▸ The problem
Give back exactly the lines of the material below that start at the line containing "is_series u l ->" and end at the line containing "Proof. exact (is_series_scal c u l). Qed.", and no others.

▸ Extracted information
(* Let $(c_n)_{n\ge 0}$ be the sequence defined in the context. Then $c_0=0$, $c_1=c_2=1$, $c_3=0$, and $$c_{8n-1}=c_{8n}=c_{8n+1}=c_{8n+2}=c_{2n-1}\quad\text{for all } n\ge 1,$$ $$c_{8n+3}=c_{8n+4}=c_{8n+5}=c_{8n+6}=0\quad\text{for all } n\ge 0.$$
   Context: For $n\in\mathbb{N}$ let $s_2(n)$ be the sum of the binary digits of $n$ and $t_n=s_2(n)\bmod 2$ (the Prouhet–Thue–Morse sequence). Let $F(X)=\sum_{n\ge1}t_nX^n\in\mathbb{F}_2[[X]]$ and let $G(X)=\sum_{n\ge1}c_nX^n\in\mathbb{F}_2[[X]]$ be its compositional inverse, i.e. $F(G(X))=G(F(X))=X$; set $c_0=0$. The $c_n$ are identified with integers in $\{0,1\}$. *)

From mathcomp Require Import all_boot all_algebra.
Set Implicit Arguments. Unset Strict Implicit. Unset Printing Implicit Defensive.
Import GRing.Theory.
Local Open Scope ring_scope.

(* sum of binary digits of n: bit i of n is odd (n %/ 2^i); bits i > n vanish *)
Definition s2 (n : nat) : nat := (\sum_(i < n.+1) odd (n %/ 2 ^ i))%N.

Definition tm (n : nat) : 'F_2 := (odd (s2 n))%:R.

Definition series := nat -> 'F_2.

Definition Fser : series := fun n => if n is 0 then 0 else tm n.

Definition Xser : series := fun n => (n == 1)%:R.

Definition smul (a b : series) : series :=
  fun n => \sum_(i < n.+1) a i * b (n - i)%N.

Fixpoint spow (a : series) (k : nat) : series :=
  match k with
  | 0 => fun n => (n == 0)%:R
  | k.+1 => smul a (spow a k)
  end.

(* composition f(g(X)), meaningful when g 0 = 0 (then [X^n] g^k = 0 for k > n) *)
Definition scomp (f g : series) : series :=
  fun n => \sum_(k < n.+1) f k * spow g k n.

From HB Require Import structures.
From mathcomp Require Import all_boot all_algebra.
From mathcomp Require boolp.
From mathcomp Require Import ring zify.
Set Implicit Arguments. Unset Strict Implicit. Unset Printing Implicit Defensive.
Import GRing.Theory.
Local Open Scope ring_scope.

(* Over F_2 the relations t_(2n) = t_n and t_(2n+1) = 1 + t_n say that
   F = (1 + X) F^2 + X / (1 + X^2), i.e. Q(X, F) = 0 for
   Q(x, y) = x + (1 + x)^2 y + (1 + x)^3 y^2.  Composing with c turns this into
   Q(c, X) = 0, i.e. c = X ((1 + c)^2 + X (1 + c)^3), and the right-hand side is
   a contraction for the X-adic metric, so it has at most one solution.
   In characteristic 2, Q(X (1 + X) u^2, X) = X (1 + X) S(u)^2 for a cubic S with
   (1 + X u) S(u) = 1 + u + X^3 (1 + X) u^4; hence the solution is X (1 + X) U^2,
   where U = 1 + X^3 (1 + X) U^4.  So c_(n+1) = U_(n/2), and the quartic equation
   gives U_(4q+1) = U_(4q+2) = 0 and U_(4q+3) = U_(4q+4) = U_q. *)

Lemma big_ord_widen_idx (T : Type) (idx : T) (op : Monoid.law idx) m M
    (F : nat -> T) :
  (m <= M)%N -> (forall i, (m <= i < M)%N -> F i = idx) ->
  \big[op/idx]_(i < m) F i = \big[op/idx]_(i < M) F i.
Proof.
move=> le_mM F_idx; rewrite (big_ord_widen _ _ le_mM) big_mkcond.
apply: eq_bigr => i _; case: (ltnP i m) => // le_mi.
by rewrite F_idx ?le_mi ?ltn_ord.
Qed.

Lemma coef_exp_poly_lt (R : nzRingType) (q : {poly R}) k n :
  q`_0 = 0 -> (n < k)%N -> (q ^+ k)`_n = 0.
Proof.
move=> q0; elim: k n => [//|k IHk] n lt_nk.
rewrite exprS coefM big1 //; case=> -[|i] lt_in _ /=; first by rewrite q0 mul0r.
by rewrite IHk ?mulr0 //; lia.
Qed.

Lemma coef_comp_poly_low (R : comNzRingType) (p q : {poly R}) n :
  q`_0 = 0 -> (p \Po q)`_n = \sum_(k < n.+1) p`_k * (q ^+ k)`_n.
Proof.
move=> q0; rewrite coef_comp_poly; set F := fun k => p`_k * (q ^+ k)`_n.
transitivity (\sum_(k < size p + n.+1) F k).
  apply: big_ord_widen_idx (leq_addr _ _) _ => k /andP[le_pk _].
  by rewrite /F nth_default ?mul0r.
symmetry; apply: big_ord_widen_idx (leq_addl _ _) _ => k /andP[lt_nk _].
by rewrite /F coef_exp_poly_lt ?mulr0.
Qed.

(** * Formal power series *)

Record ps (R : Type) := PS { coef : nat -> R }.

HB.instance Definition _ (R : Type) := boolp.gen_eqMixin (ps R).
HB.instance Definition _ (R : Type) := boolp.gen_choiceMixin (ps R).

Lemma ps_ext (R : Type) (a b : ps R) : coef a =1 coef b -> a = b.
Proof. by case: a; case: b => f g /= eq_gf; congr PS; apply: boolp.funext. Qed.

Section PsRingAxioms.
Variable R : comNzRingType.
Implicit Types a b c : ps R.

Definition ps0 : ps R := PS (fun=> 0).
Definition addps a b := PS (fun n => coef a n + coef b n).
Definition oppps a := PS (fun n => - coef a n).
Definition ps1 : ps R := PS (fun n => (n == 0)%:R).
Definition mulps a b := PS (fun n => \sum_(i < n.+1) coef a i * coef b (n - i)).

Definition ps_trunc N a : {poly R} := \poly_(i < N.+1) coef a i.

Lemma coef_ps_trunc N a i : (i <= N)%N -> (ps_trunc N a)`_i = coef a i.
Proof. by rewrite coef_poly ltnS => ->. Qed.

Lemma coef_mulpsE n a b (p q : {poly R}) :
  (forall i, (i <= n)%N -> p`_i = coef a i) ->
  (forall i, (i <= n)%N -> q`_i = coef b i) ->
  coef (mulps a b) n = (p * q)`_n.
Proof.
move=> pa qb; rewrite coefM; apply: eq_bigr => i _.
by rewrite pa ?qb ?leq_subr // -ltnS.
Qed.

==

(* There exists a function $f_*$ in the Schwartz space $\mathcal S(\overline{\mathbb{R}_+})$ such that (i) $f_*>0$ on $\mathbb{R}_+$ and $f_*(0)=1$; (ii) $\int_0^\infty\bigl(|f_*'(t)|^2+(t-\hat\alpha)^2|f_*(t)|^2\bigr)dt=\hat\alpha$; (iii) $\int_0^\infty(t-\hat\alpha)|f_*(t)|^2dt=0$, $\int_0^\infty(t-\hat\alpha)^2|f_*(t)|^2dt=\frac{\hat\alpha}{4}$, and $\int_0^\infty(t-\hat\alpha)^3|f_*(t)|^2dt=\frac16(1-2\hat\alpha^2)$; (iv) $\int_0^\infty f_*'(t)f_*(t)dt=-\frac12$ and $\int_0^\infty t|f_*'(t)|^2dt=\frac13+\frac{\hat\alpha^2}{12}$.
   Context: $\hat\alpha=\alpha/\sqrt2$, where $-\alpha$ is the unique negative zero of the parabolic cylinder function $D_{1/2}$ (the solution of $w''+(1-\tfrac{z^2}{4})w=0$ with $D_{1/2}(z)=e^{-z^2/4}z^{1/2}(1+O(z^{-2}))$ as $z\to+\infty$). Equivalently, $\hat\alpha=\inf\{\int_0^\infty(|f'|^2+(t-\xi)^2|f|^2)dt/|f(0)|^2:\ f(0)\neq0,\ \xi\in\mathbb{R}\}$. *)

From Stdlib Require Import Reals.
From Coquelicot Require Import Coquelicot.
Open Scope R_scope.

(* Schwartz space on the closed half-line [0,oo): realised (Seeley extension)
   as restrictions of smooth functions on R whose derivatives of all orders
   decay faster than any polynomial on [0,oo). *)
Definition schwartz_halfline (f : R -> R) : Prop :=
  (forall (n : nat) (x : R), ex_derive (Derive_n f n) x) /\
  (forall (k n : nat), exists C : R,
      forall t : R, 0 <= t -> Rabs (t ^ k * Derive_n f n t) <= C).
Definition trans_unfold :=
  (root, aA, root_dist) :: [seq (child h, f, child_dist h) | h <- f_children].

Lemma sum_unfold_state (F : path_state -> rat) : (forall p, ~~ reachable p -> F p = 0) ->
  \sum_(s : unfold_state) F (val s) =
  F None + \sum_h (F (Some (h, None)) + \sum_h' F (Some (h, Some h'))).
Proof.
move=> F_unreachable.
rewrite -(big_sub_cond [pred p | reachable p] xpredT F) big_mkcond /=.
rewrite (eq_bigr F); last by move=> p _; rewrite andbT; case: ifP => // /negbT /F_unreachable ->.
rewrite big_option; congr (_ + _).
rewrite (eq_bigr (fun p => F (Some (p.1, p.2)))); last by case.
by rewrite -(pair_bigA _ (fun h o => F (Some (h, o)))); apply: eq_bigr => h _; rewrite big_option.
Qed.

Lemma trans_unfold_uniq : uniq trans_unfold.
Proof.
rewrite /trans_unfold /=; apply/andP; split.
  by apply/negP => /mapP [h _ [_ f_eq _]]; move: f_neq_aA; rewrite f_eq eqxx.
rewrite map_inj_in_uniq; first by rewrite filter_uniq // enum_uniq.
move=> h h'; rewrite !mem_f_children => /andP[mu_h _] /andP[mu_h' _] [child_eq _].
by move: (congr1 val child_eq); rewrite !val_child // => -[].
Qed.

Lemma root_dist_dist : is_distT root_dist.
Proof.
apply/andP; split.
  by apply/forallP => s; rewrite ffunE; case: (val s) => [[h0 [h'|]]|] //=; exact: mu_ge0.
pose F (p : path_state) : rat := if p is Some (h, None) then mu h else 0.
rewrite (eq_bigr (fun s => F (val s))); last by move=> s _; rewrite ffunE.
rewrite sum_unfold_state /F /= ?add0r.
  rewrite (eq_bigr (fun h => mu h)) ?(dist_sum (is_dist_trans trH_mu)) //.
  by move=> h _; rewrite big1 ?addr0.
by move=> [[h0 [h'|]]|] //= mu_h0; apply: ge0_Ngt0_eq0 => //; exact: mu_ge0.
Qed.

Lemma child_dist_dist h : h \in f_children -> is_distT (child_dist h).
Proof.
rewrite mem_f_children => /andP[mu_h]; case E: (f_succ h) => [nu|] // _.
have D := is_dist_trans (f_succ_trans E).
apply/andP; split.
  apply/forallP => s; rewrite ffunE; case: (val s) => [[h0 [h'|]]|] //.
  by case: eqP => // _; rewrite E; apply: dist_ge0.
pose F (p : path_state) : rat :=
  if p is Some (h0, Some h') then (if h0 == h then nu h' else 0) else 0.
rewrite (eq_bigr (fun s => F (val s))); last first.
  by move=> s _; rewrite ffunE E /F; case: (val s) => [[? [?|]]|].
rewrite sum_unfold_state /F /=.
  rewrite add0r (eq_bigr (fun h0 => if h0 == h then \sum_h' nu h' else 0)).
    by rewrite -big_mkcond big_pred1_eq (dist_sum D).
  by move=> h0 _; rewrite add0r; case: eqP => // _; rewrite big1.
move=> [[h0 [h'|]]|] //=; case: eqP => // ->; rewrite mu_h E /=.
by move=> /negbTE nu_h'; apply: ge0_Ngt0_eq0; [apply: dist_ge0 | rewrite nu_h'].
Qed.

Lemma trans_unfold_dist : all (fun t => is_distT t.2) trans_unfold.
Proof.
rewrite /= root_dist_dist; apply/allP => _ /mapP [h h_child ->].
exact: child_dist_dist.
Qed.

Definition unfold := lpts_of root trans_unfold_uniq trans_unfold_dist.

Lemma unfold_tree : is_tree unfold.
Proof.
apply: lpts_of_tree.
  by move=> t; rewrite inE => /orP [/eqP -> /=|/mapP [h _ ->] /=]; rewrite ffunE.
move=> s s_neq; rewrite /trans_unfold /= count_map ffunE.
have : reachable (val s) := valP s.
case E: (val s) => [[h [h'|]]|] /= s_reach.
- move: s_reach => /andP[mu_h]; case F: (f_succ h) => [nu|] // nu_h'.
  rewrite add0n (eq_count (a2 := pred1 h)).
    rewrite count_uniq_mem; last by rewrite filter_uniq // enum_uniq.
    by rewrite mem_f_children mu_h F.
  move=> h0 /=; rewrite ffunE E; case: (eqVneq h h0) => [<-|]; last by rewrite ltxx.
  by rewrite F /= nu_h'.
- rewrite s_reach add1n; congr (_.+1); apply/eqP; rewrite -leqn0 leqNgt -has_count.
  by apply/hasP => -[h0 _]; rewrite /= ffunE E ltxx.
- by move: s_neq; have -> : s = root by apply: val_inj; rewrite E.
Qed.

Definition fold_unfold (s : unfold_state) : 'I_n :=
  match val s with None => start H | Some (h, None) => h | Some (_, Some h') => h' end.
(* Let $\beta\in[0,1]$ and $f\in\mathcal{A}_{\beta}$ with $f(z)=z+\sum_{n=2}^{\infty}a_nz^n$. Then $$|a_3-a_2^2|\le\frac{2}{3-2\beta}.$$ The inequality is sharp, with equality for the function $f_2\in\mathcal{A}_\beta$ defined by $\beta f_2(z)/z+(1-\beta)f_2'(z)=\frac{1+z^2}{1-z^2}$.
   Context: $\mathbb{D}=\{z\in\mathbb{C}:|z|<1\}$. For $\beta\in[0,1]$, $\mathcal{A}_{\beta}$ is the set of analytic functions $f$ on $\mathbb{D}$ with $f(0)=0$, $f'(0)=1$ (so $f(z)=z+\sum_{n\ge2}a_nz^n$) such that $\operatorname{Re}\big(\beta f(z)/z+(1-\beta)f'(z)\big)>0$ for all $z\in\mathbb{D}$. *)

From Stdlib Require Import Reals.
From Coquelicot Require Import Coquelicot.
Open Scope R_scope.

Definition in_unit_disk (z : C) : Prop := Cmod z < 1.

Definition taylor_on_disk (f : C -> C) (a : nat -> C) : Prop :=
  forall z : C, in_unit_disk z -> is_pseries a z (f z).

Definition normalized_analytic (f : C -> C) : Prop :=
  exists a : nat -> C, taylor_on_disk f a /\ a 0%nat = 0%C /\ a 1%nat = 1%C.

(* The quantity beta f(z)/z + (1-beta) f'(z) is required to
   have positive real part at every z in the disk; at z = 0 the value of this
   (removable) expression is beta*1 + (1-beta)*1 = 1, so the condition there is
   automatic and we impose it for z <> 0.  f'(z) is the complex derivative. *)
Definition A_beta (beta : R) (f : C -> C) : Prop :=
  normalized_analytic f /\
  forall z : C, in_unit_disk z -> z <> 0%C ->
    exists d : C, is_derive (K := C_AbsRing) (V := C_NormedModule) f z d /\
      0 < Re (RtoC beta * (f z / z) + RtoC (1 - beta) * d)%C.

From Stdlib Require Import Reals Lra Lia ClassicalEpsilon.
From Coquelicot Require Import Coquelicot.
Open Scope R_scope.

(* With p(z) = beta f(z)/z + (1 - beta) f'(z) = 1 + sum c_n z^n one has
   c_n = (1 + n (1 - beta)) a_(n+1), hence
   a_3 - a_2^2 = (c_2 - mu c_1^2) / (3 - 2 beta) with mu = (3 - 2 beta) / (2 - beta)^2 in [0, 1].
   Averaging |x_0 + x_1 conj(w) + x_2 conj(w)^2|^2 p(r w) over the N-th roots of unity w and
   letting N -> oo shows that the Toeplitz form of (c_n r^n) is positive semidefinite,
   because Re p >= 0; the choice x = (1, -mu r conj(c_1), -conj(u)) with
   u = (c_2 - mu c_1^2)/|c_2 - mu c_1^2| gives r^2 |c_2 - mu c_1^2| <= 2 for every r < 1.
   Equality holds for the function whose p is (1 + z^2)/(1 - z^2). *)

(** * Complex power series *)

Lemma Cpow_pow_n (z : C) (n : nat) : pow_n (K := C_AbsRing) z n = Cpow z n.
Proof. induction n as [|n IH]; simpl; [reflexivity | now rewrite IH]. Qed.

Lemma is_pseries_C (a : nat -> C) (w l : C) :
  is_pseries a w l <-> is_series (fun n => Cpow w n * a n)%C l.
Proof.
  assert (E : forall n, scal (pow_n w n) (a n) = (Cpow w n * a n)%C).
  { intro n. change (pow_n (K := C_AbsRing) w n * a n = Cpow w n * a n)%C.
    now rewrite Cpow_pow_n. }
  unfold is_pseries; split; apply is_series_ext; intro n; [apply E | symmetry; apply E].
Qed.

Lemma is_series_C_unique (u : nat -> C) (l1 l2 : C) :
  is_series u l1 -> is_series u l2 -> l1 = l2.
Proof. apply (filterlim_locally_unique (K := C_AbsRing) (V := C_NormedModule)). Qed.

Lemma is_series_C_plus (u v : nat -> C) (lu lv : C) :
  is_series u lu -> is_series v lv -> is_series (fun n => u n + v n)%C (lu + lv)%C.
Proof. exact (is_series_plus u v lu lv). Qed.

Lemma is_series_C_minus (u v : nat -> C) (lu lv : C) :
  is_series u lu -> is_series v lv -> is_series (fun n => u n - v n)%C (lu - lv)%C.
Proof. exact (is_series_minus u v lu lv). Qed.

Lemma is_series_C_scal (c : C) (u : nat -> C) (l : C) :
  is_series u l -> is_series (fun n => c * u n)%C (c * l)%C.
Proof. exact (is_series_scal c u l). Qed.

▸ Solution to this exercise
  is_series u l -> is_series (fun n => c * u n)%C (c * l)%C.
Proof. exact (is_series_scal c u l). Qed.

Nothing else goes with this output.